The Board recommends the resolution at Item No. 4 of the accompanying Notice for approval by the Members of the Company.

DIRECTORS’ RESPONSIBILITY STATEMENT

Pursuant to Section 134, of the Companies Act, 2013 (hereinafter referred to as the "Act") your Directors confirm that:-

(a) In the preparation of the annual accounts, the applicable accounting standards have been followed along with proper explanation relating to material departures, if any;

(b) Appropriate accounting policies have been selected and applied consistently and have made judgments and estimates that are reasonable and prudent, so as to give a true and fair view of the state of affairs of the Company as at March 31, 2016 and Statement of the Profit and Loss of the Company for the year ended March 31, 2016;

(c) Proper and sufficient care has been taken for the maintenance of adequate accounting records in accordance with the provisions of the Companies Act, 2013 for safeguarding the assets of the Company and for preventing and detecting fraud and other irregularities;

(d) The annual accounts have been prepared on a going concern basis;

(e) Proper internal financial controls were followed by the Company and such internal financial controls are adequate and were operating effectively;

AUDITORS

Messers K.S. Aiyar & Co., Chartered Accountants , holding ICAI Firm registration Number 100186W, who are the Statutory Auditors of your Company, hold office until the conclusions of the 53rd Annual General Meeting of the Company to be held in the year 2017 (subject to of their appointment at every AGM).
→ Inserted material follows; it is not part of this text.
(* Let $\alpha$ be a formula containing no points-to atom with $\mathcal P(\alpha)\subseteq\mathcal P_l$, and let $\alpha'$ be a decoration of $\alpha$. If $(s,h')\models_{\mathrm{dec}(\mathcal R)}\alpha'$ and $(s,h')\rhd_{\mathrm{id}}(s,h)$, then $(s,h)\models_{\mathcal R}\alpha$.
   Context: Separation logic: variables $\mathcal V$, constant $\bot$; formulas from $x\not\approx x'$, $x\approx x'$, $x\mapsto(t_1,\dots,t_k)$, $p(x_1,\dots,x_n)$, $*$, $\vee$, $\exists$. SID: finite set of rules $p(x_1,\dots,x_n)\Leftarrow\pi$ ($\pi$ quantifier-free separating conjunction of atoms), existential variables $\mathrm{fv}(\pi)\setminus\{x_1,\dots,x_n\}$; $\mathcal P(\phi)$: predicates reachable (reflexively) from those of $\phi$ through rule bodies. Locations $\mathcal L$ with $\ell_\bot$; stores $s$ map variables and $\bot$ to $\mathcal L$ with $\bot\in\mathrm{dom}(s)$, $s(x)=\ell_\bot$ iff $x=\bot$; heaps are finite partial maps $\mathcal L\to\mathcal L^k$ with $\ell_\bot\notin$ domain; $\models_{\mathcal R}$ standard SL semantics (predicate atoms via a rule and an extension of the store to its existential variables). Standing assumptions: $\mathcal R$ is an SID of progressing rules $p(x_1,\dots,x_n)\Leftarrow x_1\mapsto(y_1,\dots,y_\kappa)*\rho$ ($\rho$ free of points-to), part of an entailment problem $(\phi,\psi,\mathcal R)$; $\mathcal P_l=\mathcal P(\phi)$; $\vec w=(w_1,\dots,w_\nu)$, $\nu>0$, the free variables of $\phi,\psi$, not occurring in $\mathcal R$; stores considered contain $w_1,\dots,w_\nu$ in their domain; every rule of $\mathcal R$ has exactly $\mu$ existential variables. $\vec\bot$ ($\vec\ell_\bot$) is $\kappa+\nu+\mu$ copies of $\bot$ ($\ell_\bot$); $\mathsf{bot}$ is a unary predicate with single rule $\mathsf{bot}(x)\Leftarrow x\mapsto\vec\bot$, included in $\mathrm{dec}(\mathcal R)$. Decorations: for $p\in\mathcal P_l$ of arity $n$ and $X\subseteq\{1,\dots,n\}$, $p_X$ is a fresh predicate of arity $n+\nu$. A decoration of a formula $\alpha$ without points-to atoms with $\mathcal P(\alpha)\subseteq\mathcal P_l$ replaces each atom $q(y_1,\dots,y_m)$ by some $q_X(y_1,\dots,y_m,\vec w)$ with $X\subseteq\{1,\dots,m\}$ chosen per atom. $\mathrm{dec}(\mathcal R)$ is the set of rules $p_X(x_1,\dots,x_n,\vec w)\Leftarrow x_1\mapsto(y_1,\dots,y_\kappa,\vec w,z_1,\dots,z_\mu)\sigma*\rho'*\mathop{*}_{i\in I}\mathsf{bot}(z_i)$ where $p(x_1,\dots,x_n)\Leftarrow x_1\mapsto(y_1,\dots,y_\kappa)*\rho$ is in $\mathcal R$, $X\subseteq\{1,\dots,n\}$, $\{z_1,\dots,z_\mu\}$ is the set of its existential variables, $\sigma$ is a substitution with $\mathrm{dom}(\sigma)\subseteq\{z_1,\dots,z_\mu\}$, $\mathrm{img}(\sigma)\subseteq\{x_1,\dots,x_n,w_1,\dots,w_\nu,z_1,\dots,z_\mu\}$, $\rho'$ is a decoration of $\rho\sigma$, and $I\subseteq\{1,\dots,\mu\}$ with $z_i\notin\mathrm{dom}(\sigma)$ for $i\in I$. Expansion: for $h:\mathcal L\to\mathcal L^\kappa$ and $h':\mathcal L\to\mathcal L^{\kappa+\nu+\mu}$, $(s,h')\rhd_{\mathrm{id}}(s,h)$ iff $h'=\mathrm{main}(h')\uplus\mathrm{aux}(h')$ with: $\mathrm{dom}(\mathrm{main}(h'))=\mathrm{dom}(h)$; for $\ell\in\mathrm{dom}(\mathrm{main}(h'))$, $h'(\ell)=(h(\ell),s(w_1),\dots,s(w_\nu),b_1,\dots,b_\mu)$ for some $b_i$; for $\ell\in\mathrm{dom}(\mathrm{aux}(h'))$, $h'(\ell)=\vec\ell_\bot$ and $\ell$ is among the last $\mu$ components of $h'(\ell')$ for some $\ell'\in\mathrm{dom}(\mathrm{main}(h'))$. *)

From Stdlib Require List.
From mathcomp Require Import all_boot.
Set Implicit Arguments. Unset Strict Implicit. Unset Printing Implicit Defensive.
It is proposed to ratify the appointment of Messers K. S. Aiyar & Co., Chartered Accountants, holding ICAI Firm registration Number 100186W as Statutory Auditors of the Company from the conclusion of this AGM till the conclusion of the 52nd AGM. Messrs K. S.Aiyar & Co., Chartered Accountants, holding ICAI Firm registration Number 100186W has, under Section 141 of the Act, furnished a certificate of its eligibility for re-appointment. The Members year on year will be requested, to ratify their appointment as Statutory Auditors and to authorize the Board of Directors to fix their remuneration.
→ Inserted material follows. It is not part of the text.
(* For every $n\in\mathbb N$, Thompson's group $F$ acts transitively, via $f\cdot x=\iota(f)(x)$, on the set \[ \Sigma_n=\{(x_1,\ldots,x_n)\in(\{0,1\}^* )^n : x_1 <_{\rm lex} x_2 <_{\rm lex}\cdots<_{\rm lex} x_n\}. \]
   Context: Let $\{0,1\}^*$ be the finite words over $\{0,1\}$ (empty word $\varepsilon$). Order $\{0,1\}^*$ by $\le_{\rm lex}$: for words $x,y$ append the infinite string $\tfrac12\tfrac12\cdots$ to each and compare the results lexicographically with $0<\tfrac12<1$ (so e.g. $00<_{\rm lex}0<_{\rm lex}01$). A finite rooted binary subtree is a finite prefix-closed set of words containing $\varepsilon$ in which each element has both or neither of its children $x0,x1$; its leaves are the elements with no children and its nodes the others. Thompson's group $F$ is the group of homeomorphisms $f$ of $\{0,1\}^{\mathbb N}$ for which there are finite rooted binary subtrees $L,R$ with leaves $\ell_1<_{\rm lex}\cdots<_{\rm lex}\ell_k$ and $r_1<_{\rm lex}\cdots<_{\rm lex}r_k$ such that $f(\ell_i\omega)=r_i\omega$. For such $f$, let $\iota(f)$ be the bijection of $\{0,1\}^*$ sending the $i$-th node of $L$ (in $\le_{\rm lex}$ order) to the $i$-th node of $R$, and sending $\ell_i s\mapsto r_i s$ for all words $s$; this is independent of the choice of $(L,R)$ and defines an action of $F$ on $\{0,1\}^*$. *)

From mathcomp Require Import all_boot.
Set Implicit Arguments. Unset Strict Implicit. Unset Printing Implicit Defensive.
In this connection, the attention of the Members is invited to item No. 3 of the Notice.

AUDITORS’ OBSERVATIONS

There is no observation / qualification in the report of Auditors for the Financial year 31st March, 2016.

SECRETARIAL AUDIT

Pursuant to the provisions of Section 204 of the Companies Act, 2013 and rules made there under, the Company has appointed Shri S. R. Padhye Fellow Member of Institute of Company Secretaries of India (F 4270) and holding certificate of practice No. 1559 is appointed to undertake the Secretarial Audit of the Company. The Secretarial Audit report is Annexed- and forms integral part of this report.

There is no secretarial audit qualification for the year under review.

PARTICULARS OF EMPLOYEES

The particulars of employees as required under section 197 and rule 5 (2) and 5 (3) of the Companies (Appointment and remuneration of Managerial Personnel) rules , 2014 have not been furnished as there are no employees falling within the purview of the provisions of said section and the said rule during the period under review .
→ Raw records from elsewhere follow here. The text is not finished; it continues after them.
(* Let $G=\{g_1,\dots,g_n\}$ be a finite group and let $S\subseteq G$ be a subset such that $gSg^{-1}=S$ for all $g\in G$, $S$ generates $G$, $S=S^{-1}$ and $1\notin S$. Put $r:=\#S$, and assume the Cayley graph $\mathscr{X}=\mathrm{Cay}(G,S)$ is not a cycle graph (i.e. $\chi(\mathscr{X})\neq 0$). Let $\ell$ be a prime and $\beta:S\to\mathbb{Z}_\ell$ a function such that: (1) $\beta(gag^{-1})=\beta(a)$ for all $g\in G$, $a\in S$; (2) the image of $\beta$ generates $\mathbb{Z}_\ell$ as a $\mathbb{Z}_\ell$-module; (3) $\beta(s^{-1})=-\beta(s)$ for all $s\in S$; (4) the image of $\beta$ lies in $\mathbb{Z}$; (5) there exist $m>0$ and $(h_1,\dots,h_m)\in S^m$ with $h_1\cdots h_m\in S$ and $\beta(h_1\cdots h_m)\not\equiv\sum_{i=1}^m\beta(h_i)\pmod{\ell}$. Let $f_{\mathscr{X},\alpha}(T)$ be the Iwasawa power series of the associated tower, namely the determinant of the $n\times n$ matrix whose $(i,j)$-entry is $r\,\delta_{ij}-\delta_S(g_ig_j^{-1})(1+T)^{\beta(g_ig_j^{-1})}$. Then \[f_{\mathscr{X},\alpha}(T)=\prod_{\chi\in\mathrm{Irr}(G)}P_\chi(T)^{\chi(1)^2}.\]
   Context: The Cayley graph $\mathrm{Cay}(G,S)$ has vertex set $\{v_g: g\in G\}$, with an edge joining $v_{g_i}$ to $v_{g_j}$ whenever $g_ig_j^{-1}\in S$; the voltage assignment is $\alpha(e)=\beta(g_1g_2^{-1})$ for $e$ joining $v_{g_1}$ to $v_{g_2}$. Here $\delta_{ij}$ is the Kronecker delta, $\delta_S(g)=1$ if $g\in S$ and $0$ otherwise, and $(1+T)^b$ for $b\in\mathbb{Z}$ is viewed in $\mathbb{Z}_\ell[[T]]$. Fix an embedding $\bar{\mathbb{Q}}\hookrightarrow\bar{\mathbb{Q}}_\ell$ and a finite extension $\mathcal{K}$ of $\mathbb{Q}_\ell$ containing all $n$-th roots of unity, with valuation ring $\mathcal{O}$. $\mathrm{Irr}(G)$ is the set of irreducible characters $\chi:G\to\bar{\mathbb{Q}}_\ell$ (their values lie in $\mathcal{O}$). For $\chi\in\mathrm{Irr}(G)$, $Q_\chi(T):=r\chi(1)-\sum_{t\in S}(1+T)^{\beta(t)}\chi(t)$ and $P_\chi(T):=Q_\chi(T)/\chi(1)$. *)

From HB Require Import structures.
From mathcomp Require Import all_boot all_order all_algebra all_fingroup all_solvable all_field all_character.
From mathcomp Require Import fraction.
Set Implicit Arguments. Unset Strict Implicit. Unset Printing Implicit Defensive.
Import Order.TTheory GRing.Theory Num.Theory.
Local Open Scope ring_scope.

Notation ratF := {fraction {poly algC}}.

(* (1+T)^b for b : int, as an element of algC(T) (1+T is invertible there). *)
Definition onePT (b : int) : ratF := (@FracField.tofrac _ (1 + 'X : {poly algC})) ^ b.

Definition cstF (c : algC) : ratF := @FracField.tofrac _ (c%:P).

Definition cay_edges (gT : finGroupType) (G : {set gT}) (S : {set gT})
  : {set {set gT}} :=
  [set E : {set gT} | [exists x in G, exists y in G,
      (E == [set x; y]) && ((x * y^-1)%g \in S)]].

Definition cay_euler_char (gT : finGroupType) (G : {set gT}) (S : {set gT}) : int :=
  (#|G|%:Z - #|cay_edges G S|%:Z)%R.

Definition gelt (gT : finGroupType) (G : {group gT}) (i : 'I_#|G|) : gT :=
  enum_val i.

Definition iw_matrix (gT : finGroupType) (G : {group gT}) (S : {set gT})
  (beta : gT -> int) : 'M[ratF]_#|G| :=
  \matrix_(i, j)
    ((#|S|)%:R * (i == j)%:R
     - ((gelt i * (gelt j)^-1)%g \in S)%:R * onePT (beta (gelt i * (gelt j)^-1)%g)).

Definition iwasawa_f (gT : finGroupType) (G : {group gT}) (S : {set gT})
  (beta : gT -> int) : ratF := \det (@iw_matrix gT G S beta).

Definition Qchi (gT : finGroupType) (G : {group gT}) (S : {set gT})
  (beta : gT -> int) (i : Iirr G) : ratF :=
  (#|S|)%:R * cstF ('chi_i 1%g) - \sum_(t in S) onePT (beta t) * cstF ('chi_i t).

Definition Pchi (gT : finGroupType) (G : {group gT}) (S : {set gT})
  (beta : gT -> int) (i : Iirr G) : ratF :=
  @Qchi gT G S beta i / cstF ('chi_i 1%g).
(CONSERVATION OF ENERGY, TECHNOLOGY ABSORPTION AND FOREIGN EXCHANGE

The information on conservation of energy, technology absorption and foreign exchange earnings and outgo stipulated under section 134 (3) (m) of the Companies Act, 2013 read with rule, 8 of the Companies (Accounts) rules, 2014 , is annexed herewith.

CORPORATE GOVERNANCE

The Company has complied with the provisions of Corporate Governance under the Listing Agreement with the Stock exchange for the year 2015 – 16. A separate report on Corporate Governance is sent herewith as part of the Annual report along with the Auditors’ Certificate on compliance.

ACKNOWLEDGMENTS

The Directors are thankful to all the Stakeholders various Government Departments, Financial Institutions, Banks and employees for their valuable co-operation and assistance during the year.